Installing required libraries...
Installation complete.
PyTorch version: 2.5.1+cu124 (Available: True)
GPU available: NVIDIA GeForce RTX 3060 Laptop GPU
SciPy version: 1.15.2 (Available: True)
Scikit-learn version: 1.6.1 (Available: True)
EfficientSVD class defined.


## Demonstration Setup

Let's create some test matrices:
1.  A **dense NumPy array**.
2.  A **sparse SciPy matrix** (if SciPy is available).
3.  A **PyTorch tensor** (if PyTorch is available).

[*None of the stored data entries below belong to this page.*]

(* Let $h,k$ be integers with $k>0$, $\gcd(h,k)=1$ and $h+k$ odd. Then $$B_{1}(h,k)=(1-h)\bigl(4s(h,2k)+4s(2h,k)-10s(h,k)\bigr).$$
   Context: $[x]$ denotes the greatest integer $\le x$, and $((x))=x-[x]-\tfrac12$ if $x\notin\mathbb{Z}$, $((x))=0$ if $x\in\mathbb{Z}$. For integers $a,b$ with $b>0$: the Dedekind sum is $s(a,b)=\sum_{j=1}^{b-1}\left(\left(\frac{aj}{b}\right)\right)\left(\left(\frac{j}{b}\right)\right)$, and (for $\gcd(a,b)=1$) $$B_{1}(a,b)=\sum_{j=1}^{b-1}(-1)^{j+\left[\frac{aj}{b}\right]}\left[\frac{aj}{b}\right].$$ *)

From mathcomp Require Import all_boot all_order all_algebra.
Set Implicit Arguments. Unset Strict Implicit. Unset Printing Implicit Defensive.
Import Order.TTheory GRing.Theory Num.Theory.
Local Open Scope ring_scope.

Definition sawtooth (x : rat) : rat :=
  if x \is a Num.int then 0 else x - (Num.floor x)%:~R - 1 / 2.

Definition dedekind_sum (a b : int) : rat :=
  \sum_(1 <= j < `|b|%N) sawtooth ((a * j%:Z)%:~R / b%:~R) * sawtooth ((j%:Z)%:~R / b%:~R).

Definition B1 (a b : int) : rat :=
  \sum_(1 <= j < `|b|%N)
     let f := Num.floor ((a * j%:Z)%:~R / b%:~R : rat) in
     (-1) ^ (j%:Z + f) * f%:~R.

From mathcomp Require Import all_boot all_order all_algebra.
From mathcomp Require Import ring lra zify.
Import Order.TTheory GRing.Theory Num.Theory.
Local Open Scope ring_scope.

(* Put a = h + k, which is odd, and P = sum_(0 <= j < k) ((aj/2k)).  Pairing j
   with k - j in B_1 gives 2 B_1(h,k) = (h - 1) sum_(0 < j < k) (-1)^(j + [hj/k]);
   as (-1)^[x] = 2((x)) - 4((x/2)) for non-integral x and the ((aj/k)) sum to 0,
   this sign sum is -4P.  On the other side, Knopp's identity
   s(2h,k) + s(h,2k) + s(a,2k) = 3 s(h,k), together with s(a,k) = s(h,k) and
   s(a,2k) = s(a,k)/2 - P/2 for odd a, gives
   4 s(h,2k) + 4 s(2h,k) - 10 s(h,k) = 2P. *)

Lemma floorN_notint (R : archiRealDomainType) (x : R) :
  x \isn't a Num.int -> Num.floor (- x) = - Num.floor x - 1.
Proof. by move=> xNZ; rewrite floorNceil opprK ceil_floor xNZ opprD. Qed.

Lemma expN1zE (R : numDomainType) (z : int) : (-1 : R) ^ z = (-1) ^+ odd `|z|%N.
Proof. by rewrite expN1r signr_odd. Qed.

Lemma sawtooth_intr (m : int) : sawtooth m%:~R = 0.
Proof. by rewrite /sawtooth intr_int. Qed.

Lemma sawtooth_notint (x : rat) :
  x \isn't a Num.int -> sawtooth x = x - (Num.floor x)%:~R - 1 / 2.
Proof. by rewrite /sawtooth => /negbTE ->. Qed.

Lemma sawtoothE (x : rat) (m : int) :
  m%:~R < x < m%:~R + 1 -> sawtooth x = x - m%:~R - 1 / 2.
Proof.
move=> /andP[mx xm1]; have fx : Num.floor x = m.
  by apply: floor_def; rewrite intrD ltW.
by rewrite /sawtooth intrEfloor fx lt_eqF.
Qed.

Lemma sawtoothDintr (x : rat) (m : int) : sawtooth (x + m%:~R) = sawtooth x.
Proof.
rewrite /sawtooth rpredDr ?intr_int //; case: ifP => // _.
by rewrite floorDrz ?intr_int // intrKfloor intrD; ring.
Qed.

Lemma sawtooth_eqDintr {x y : rat} (m : int) : x = y + m%:~R -> sawtooth x = sawtooth y.
Proof. by move=> ->; apply: sawtoothDintr. Qed.

Lemma sawtoothN (x : rat) : sawtooth (- x) = - sawtooth x.
Proof.
have [xZ|xNZ] := boolP (x \is a Num.int); first by rewrite /sawtooth rpredN xZ oppr0.
rewrite !sawtooth_notint ?rpredN // floorN_notint // intrB intrN mulr1z; lra.
Qed.

Lemma sawtooth_double (x : rat) : sawtooth (2 * x) = sawtooth x + sawtooth (x + 1 / 2).
Proof.
have /andP[nx xn1] := floor_itv x; rewrite intrD mulr1z in xn1.
set n := Num.floor x in nx xn1.
have n2 : ((2 * n)%:~R : rat) = 2 * n%:~R by rewrite intrM.
have [->|x_neq] := eqVneq x n%:~R.
  rewrite -n2 !sawtooth_intr (sawtoothE (n%:~R + 1 / 2) n); first lra.
  by apply/andP; split; lra.
have {x_neq} nx : n%:~R < x by rewrite lt_neqAle eq_sym x_neq.
rewrite (sawtoothE x n); last by apply/andP; split.
have [d_lt|d_gt|d_eq] := ltrgtP (x - n%:~R) (1 / 2).
- rewrite (sawtoothE (2 * x) (2 * n)) ?(sawtoothE (x + 1 / 2) n); try (apply/andP; split); lra.
- rewrite (sawtoothE (2 * x) (2 * n + 1)) ?(sawtoothE (x + 1 / 2) (n + 1)) ?intrD ?n2;
    try (apply/andP; split); lra.
- have -> : 2 * x = (2 * n + 1)%:~R by rewrite intrD n2; lra.
  have -> : x + 1 / 2 = (n + 1)%:~R by rewrite intrD; lra.
  rewrite !sawtooth_intr; lra.
Qed.

Lemma expN1_floor (x : rat) :
  x \isn't a Num.int -> (-1) ^ Num.floor x = 2 * sawtooth x - 4 * sawtooth (x / 2).
Proof.
move=> xNZ; have x2NZ : x / 2 \isn't a Num.int.
  by apply: contra xNZ => x2Z; rewrite -[x](divfK (_ : 2 != 0)) // rpredM.
rewrite !sawtooth_notint //.
have /andP[q_le q_gt] := floor_itv (x / 2); rewrite intrD mulr1z in q_gt.
set n := Num.floor x; set q := Num.floor (x / 2) in q_le q_gt *.
have n_ge : 2 * q <= n by rewrite floor_ge_int intrM; lra.
have n_lt : n < 2 * q + 2 by rewrite floor_lt_int intrD intrM; lra.
have [->|->] : n = 2 * q \/ n = 2 * q + 1 by lia.
- rewrite expN1zE (_ : odd _ = false); last by lia.
  rewrite intrM; lra.
- rewrite expN1zE (_ : odd _ = true); last by lia.
  rewrite intrD intrM; lra.
Qed.

Lemma sum_nat_double_halves (R : nmodType) (F : nat -> R) (n : nat) :
  \sum_(0 <= j < 2 * n) F j = \sum_(0 <= i < n) (F i + F (i + n)%N).
Proof.
rewrite big_split /= (@big_cat_nat _ _ _ n) //=; last by rewrite leq_pmull.
congr (_ + _); rewrite -{1}[n]add0n big_addn (_ : (2 * n - n = n)%N) //; lia.
Qed.

Lemma sum_nat_double_parity (R : nmodType) (F : nat -> R) (n : nat) :
  \sum_(0 <= j < 2 * n) F j = \sum_(0 <= i < n) (F (2 * i)%N + F (2 * i).+1).
Proof.
elim: n => [|n IHn]; first by rewrite !big_geq.
by rewrite mulnS !big_nat_recr //= -IHn addrA.
Qed.

Definition saw (a : int) (n j : nat) : rat := sawtooth (a%:~R * j%:R / n%:R).
Definition flr (a : int) (n j : nat) : int := Num.floor (a%:~R * j%:R / n%:R : rat).
Definition dsum (a : int) (n : nat) : rat := \sum_(0 <= j < n) saw a n j * saw 1 n j.

Lemma saw0 (a : int) (n : nat) : saw a n 0 = 0.
Proof. by rewrite /saw mulr0 mul0r -[0]/(0%:~R) sawtooth_intr. Qed.

Lemma sawMn (a : int) (c n j : nat) : (0 < c)%N -> saw a (c * n) (c * j) = saw a n j.
Proof.
move=> c_gt0; rewrite /saw !natrM mulrCA -mulf_div divff ?mul1r //.
by rewrite pnatr_eq0 -lt0n.
Qed.

Lemma sawMl (a : int) (c n j : nat) : saw (c%:R * a) n j = saw a n (c * j).
Proof. by rewrite /saw intrM natz natrM mulrCA mulrA. Qed.

Lemma saw_double (a : int) (n j : nat) :
  saw a n j = saw a (2 * n) j + sawtooth (a%:~R * j%:R / (2 * n)%N%:R + 1 / 2).
Proof.
rewrite /saw -sawtooth_double; congr sawtooth.
by rewrite natrM invfM mulrCA [2 * _]mulrA divff ?mul1r.
Qed.

Lemma dedekind_sumE (a : int) (n : nat) : dedekind_sum a n%:Z = dsum a n.
Proof.
rewrite /dedekind_sum /dsum; case: n => [|n]; first by rewrite !big_geq.
rewrite [RHS](big_ltn (ltn0Sn n)) saw0 mul0r add0r; apply: eq_bigr => j _.
by rewrite /saw intrM mul1r.
Qed.

Section Modulus.

Context {n : nat}.
Hypothesis n_gt0 : (0 < n)%N.

Let n_neq0 : (n%:R : rat) != 0. Proof. by rewrite pnatr_eq0 -lt0n. Qed.

Lemma sawDn (a : int) (j : nat) : saw a n (j + n) = saw a n j.
Proof. by rewrite /saw; apply: (sawtooth_eqDintr a); rewrite natrD; field. Qed.

Lemma sawDz (a : int) (j : nat) : saw (a + n%:Z) n j = saw a n j.
Proof. by rewrite /saw; apply: (sawtooth_eqDintr j); rewrite intrD; field. Qed.

Lemma saw1E (j : nat) : (0 < j < n)%N -> saw 1 n j = j%:R / n%:R - 1 / 2.
Proof.
move=> /andP[j_gt0 j_lt_n]; rewrite /saw mulr1z mul1r (sawtoothE _ 0) mulr0z ?subr0 ?add0r //.
by rewrite divr_gt0 ?ltr0n ?ltr_pdivrMr ?ltr0n // mul1r ltr_nat.
Qed.

Lemma sum_saw (a : int) : \sum_(0 <= j < n) saw a n j = 0.
Proof.
rewrite (big_ltn n_gt0) saw0 add0r.
set S := \sum_(1 <= j < n) _; suff : S = - S by lra.
rewrite {1}/S big_nat_rev -sumrN; apply: eq_big_nat => j /andP[_ j_lt_n].
rewrite add1n subSS /saw -sawtoothN; apply: (sawtooth_eqDintr a).
by rewrite natrB 1?ltnW //; field.
Qed.

Lemma dsumE (a : int) : dsum a n = \sum_(0 <= j < n) j%:R / n%:R * saw a n j.
Proof.
have -> : dsum a n = \sum_(0 <= j < n) (j%:R / n%:R * saw a n j - 1 / 2 * saw a n j).
  apply: eq_big_nat => -[_|j /andP[_ j_lt_n]]; first by rewrite !saw0; ring.
  by rewrite saw1E //; ring.
by rewrite sumrB -mulr_sumr sum_saw mulr0 subr0.
Qed.

Lemma dsumDz (a : int) : dsum (a + n%:Z) n = dsum a n.
Proof. by apply: eq_bigr => j _; rewrite sawDz. Qed.

Lemma saw_halfD (a : int) (j : nat) : odd `|a|%N ->
  saw a (2 * n) j + saw a (2 * n) (j + n) = saw a n j.
Proof.
move=> a_odd; have [q ->] : exists q : int, a = 2 * q + 1.
  by exists ((a - 1) %/ 2)%Z; lia.
rewrite [RHS]saw_double; congr (_ + _); rewrite /saw; apply: (sawtooth_eqDintr q).
by rewrite natrD natrM intrD intrM; field.
Qed.

Lemma sum_saw_saw1_double (a : int) :
  \sum_(0 <= j < 2 * n) saw a n j * saw 1 (2 * n) j = dsum a n.
Proof.
rewrite sum_nat_double_halves; apply: eq_bigr => j _.
by rewrite sawDn -(saw_halfD 1 j) //; ring.
Qed.

Lemma dsum_knopp2 (a : int) :
  dsum (2 * a) n + dsum a (2 * n) + dsum (a + n%:Z) (2 * n) = 3 * dsum a n.
Proof.
have sawD_even i : saw a (2 * n) (2 * i) + saw (a + n%:Z) (2 * n) (2 * i) = 2 * saw a n i.
  by rewrite !sawMn // sawDz; ring.
have sawD_odd i :
    saw a (2 * n) (2 * i).+1 + saw (a + n%:Z) (2 * n) (2 * i).+1 = saw a n (2 * i).+1.
  rewrite [RHS]saw_double; congr (_ + _); rewrite /saw; apply: (sawtooth_eqDintr i).
  by rewrite intrD -[(2 * i)%N.+1]addn1 natrD !natrM; field.
transitivity (2 * dsum a n + \sum_(0 <= i < n)
    (saw a n (2 * i) * saw 1 (2 * n) (2 * i) + saw a n (2 * i).+1 * saw 1 (2 * n) (2 * i).+1)).
  rewrite /dsum -addrA -big_split /=.
  under [X in _ + X]eq_bigr do rewrite -mulrDl.
  rewrite sum_nat_double_parity mulr_sumr -!big_split /=; apply: eq_bigr => i _.
  by rewrite sawD_even sawD_odd (sawMl a 2) !sawMn //; ring.
rewrite -(@sum_nat_double_parity _ (fun j => saw a n j * saw 1 (2 * n) j)).
by rewrite sum_saw_saw1_double; ring.
Qed.

End Modulus.

Lemma dsum_odd {n : nat} {a : int} : (0 < n)%N -> odd `|a|%N ->
  dsum a (2 * n) = dsum a n / 2 - 1 / 2 * \sum_(0 <= j < n) saw a (2 * n) j.
Proof.
move=> n_gt0 a_odd; have n2_gt0 : (0 < 2 * n)%N by rewrite muln_gt0.
have n_neq0 : (n%:R : rat) != 0 by rewrite pnatr_eq0 -lt0n.
have sum_shift : - \sum_(0 <= j < n) saw a (2 * n) j = \sum_(0 <= j < n) saw a (2 * n) (j + n).
  by have := sum_saw n2_gt0 a; rewrite sum_nat_double_halves big_split /=; lra.
rewrite (dsumE n2_gt0) (dsumE n_gt0) sum_nat_double_halves -mulrN sum_shift.
rewrite mulr_suml mulr_sumr -big_split /=; apply: eq_bigr => j _.
by rewrite -(saw_halfD n_gt0 a j a_odd) natrD natrM; field.
Qed.

Lemma ratio_notint (h : int) (n j : nat) : gcdz h n = 1 -> (0 < j < n)%N ->
  (h%:~R * j%:R / n%:R : rat) \isn't a Num.int.
Proof.
move=> hn_coprime /andP[j_gt0 j_lt_n]; apply/negP => /intrP[m hjn].
have n_neq0 : (n%:R : rat) != 0 by rewrite pnatr_eq0 -lt0n (leq_ltn_trans _ j_lt_n).
have : (n%:Z %| j%:Z * h)%Z.
  apply/dvdzP; exists m; apply: (@intr_inj rat).
  by rewrite !intrM -hjn mulrC divfK.
rewrite Gauss_dvdzl; last by rewrite /coprimez gcdzC hn_coprime.
by move=> /(dvdn_leq j_gt0); lia.
Qed.

Section Coprime.

Context {h : int} {n : nat}.
Hypothesis hn_coprime : gcdz h n = 1.

Lemma flr_reflect (j : nat) : (0 < j < n)%N -> flr h n (n - j) = h - 1 - flr h n j.
Proof.
move=> j_range; have /andP[_ j_lt_n] := j_range.
have n_neq0 : (n%:R : rat) != 0 by rewrite pnatr_eq0 -lt0n (leq_ltn_trans _ j_lt_n).
rewrite /flr natrB 1?ltnW // (_ : _ / _ = - (h%:~R * j%:R / n%:R) + h%:~R); last by field.
rewrite floorDrz ?intr_int // intrKfloor floorN_notint; first ring.
exact: ratio_notint.
Qed.

Lemma B1_sign_sum : odd `|(h + n%:Z)%R|%N ->
  2 * B1 h n = (h%:~R - 1) * \sum_(1 <= j < n) (-1) ^ (j%:Z + flr h n j).
Proof.
move=> hn_odd.
pose F j := (-1 : rat) ^ (j%:Z + flr h n j) * (flr h n j)%:~R.
have B1E : B1 h n = \sum_(1 <= j < n) F j.
  by apply: eq_bigr => j _; rewrite /F /flr intrM.
have B1_rev : B1 h n = \sum_(1 <= j < n) F (n - j)%N.
  rewrite B1E big_nat_rev; apply: eq_big_nat => j _.
  by rewrite add1n subSS.
(* j and n - j carry the same sign, as h + n is odd, and their floors add up to h - 1. *)
rewrite mulr_natl mulr2n {1}B1E B1_rev -big_split mulr_sumr; apply: eq_big_nat => j j_range.
have /andP[_ j_lt_n] := j_range.
rewrite /F flr_reflect // !expN1zE; move: (flr h n j) => f.
have -> : odd `|((n - j)%N%:Z + (h - 1 - f))%R|%N = odd `|(j%:Z + f)%R|%N.
  by lia.
by rewrite /= !intrB mulr1z; ring.
Qed.

Lemma sign_sum_saw : (0 < n)%N ->
  \sum_(1 <= j < n) (-1) ^ (j%:Z + flr h n j)
    = -4 * \sum_(0 <= j < n) saw (h + n%:Z) (2 * n) j.
Proof.
move=> n_gt0.
have n_neq0 : (n%:R : rat) != 0 by rewrite pnatr_eq0 -lt0n.
have an_coprime : gcdz (h + n%:Z) n = 1 by rewrite gcdzC gcdzDr gcdzC.
transitivity (\sum_(0 <= j < n)
    (2 * saw (h + n%:Z) n j - 4 * saw (h + n%:Z) (2 * n) j)); last first.
  by rewrite sumrB -!mulr_sumr sum_saw // mulr0 add0r mulNr.
rewrite (big_ltn n_gt0) !saw0 mulr0 subrr add0r; apply: eq_big_nat => j j_range.
have -> : j%:Z + flr h n j = flr (h + n%:Z) n j.
  rewrite /flr (_ : (h + n%:Z)%:~R * _ / _ = h%:~R * j%:R / n%:R + j%:~R).
    by rewrite floorDrz ?intr_int // intrKfloor addrC.
  by rewrite intrD; field.
rewrite /flr expN1_floor ?ratio_notint // /saw; congr (_ - 4 * sawtooth _).
by rewrite natrM; field.
Qed.

End Coprime.

Theorem theorem18 (h k : int) (hk : 0 < k) (hcop : gcdz h k = 1)
  (hodd : odd `|(h + k)%R|%N) :
  B1 h k = (1 - h%:~R) *
    (4 * dedekind_sum h (2 * k) + 4 * dedekind_sum (2 * h) k
     - 10 * dedekind_sum h k).
Proof.
case: k hk hcop hodd => [n|//]; rewrite ltz_nat => n_gt0 hn_coprime hn_odd.
rewrite -[2 * n%:Z]/((2 * n)%N : int) !dedekind_sumE.
have := B1_sign_sum hn_coprime hn_odd; rewrite sign_sum_saw //.
have := dsum_knopp2 n_gt0 h.
have := dsum_odd n_gt0 hn_odd; rewrite dsumDz //.
set P := \sum_(0 <= j < n) _ => dsum_odd_eq knopp B1_eq.
have -> : 4 * dsum h (2 * n) + 4 * dsum (2 * h) n - 10 * dsum h n = 2 * P by lra.
lra.
Qed.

We'll also define some common parameters for the SVD computations.

In [3]:
# @title Prepare Example Data

# --- Configuration ---
M, N = 1000, 500       # Dimensions for larger matrices
M_small, N_small = 100, 50 # Dimensions for full SVD example
K_COMPONENTS = 20      # Number of components for truncated/randomized SVD
SPARSITY = 0.05        # Sparsity level for the sparse matrix
RANDOM_SEED = 42

np.random.seed(RANDOM_SEED)

# --- Create Dense NumPy Matrix ---
print(f"\nCreating a dense NumPy matrix (matrix_np) with shape ({M}x{N})")
matrix_np = np.random.rand(M, N).astype(np.float32)
print(f"matrix_np: type={type(matrix_np)}, shape={matrix_np.shape}, dtype={matrix_np.dtype}")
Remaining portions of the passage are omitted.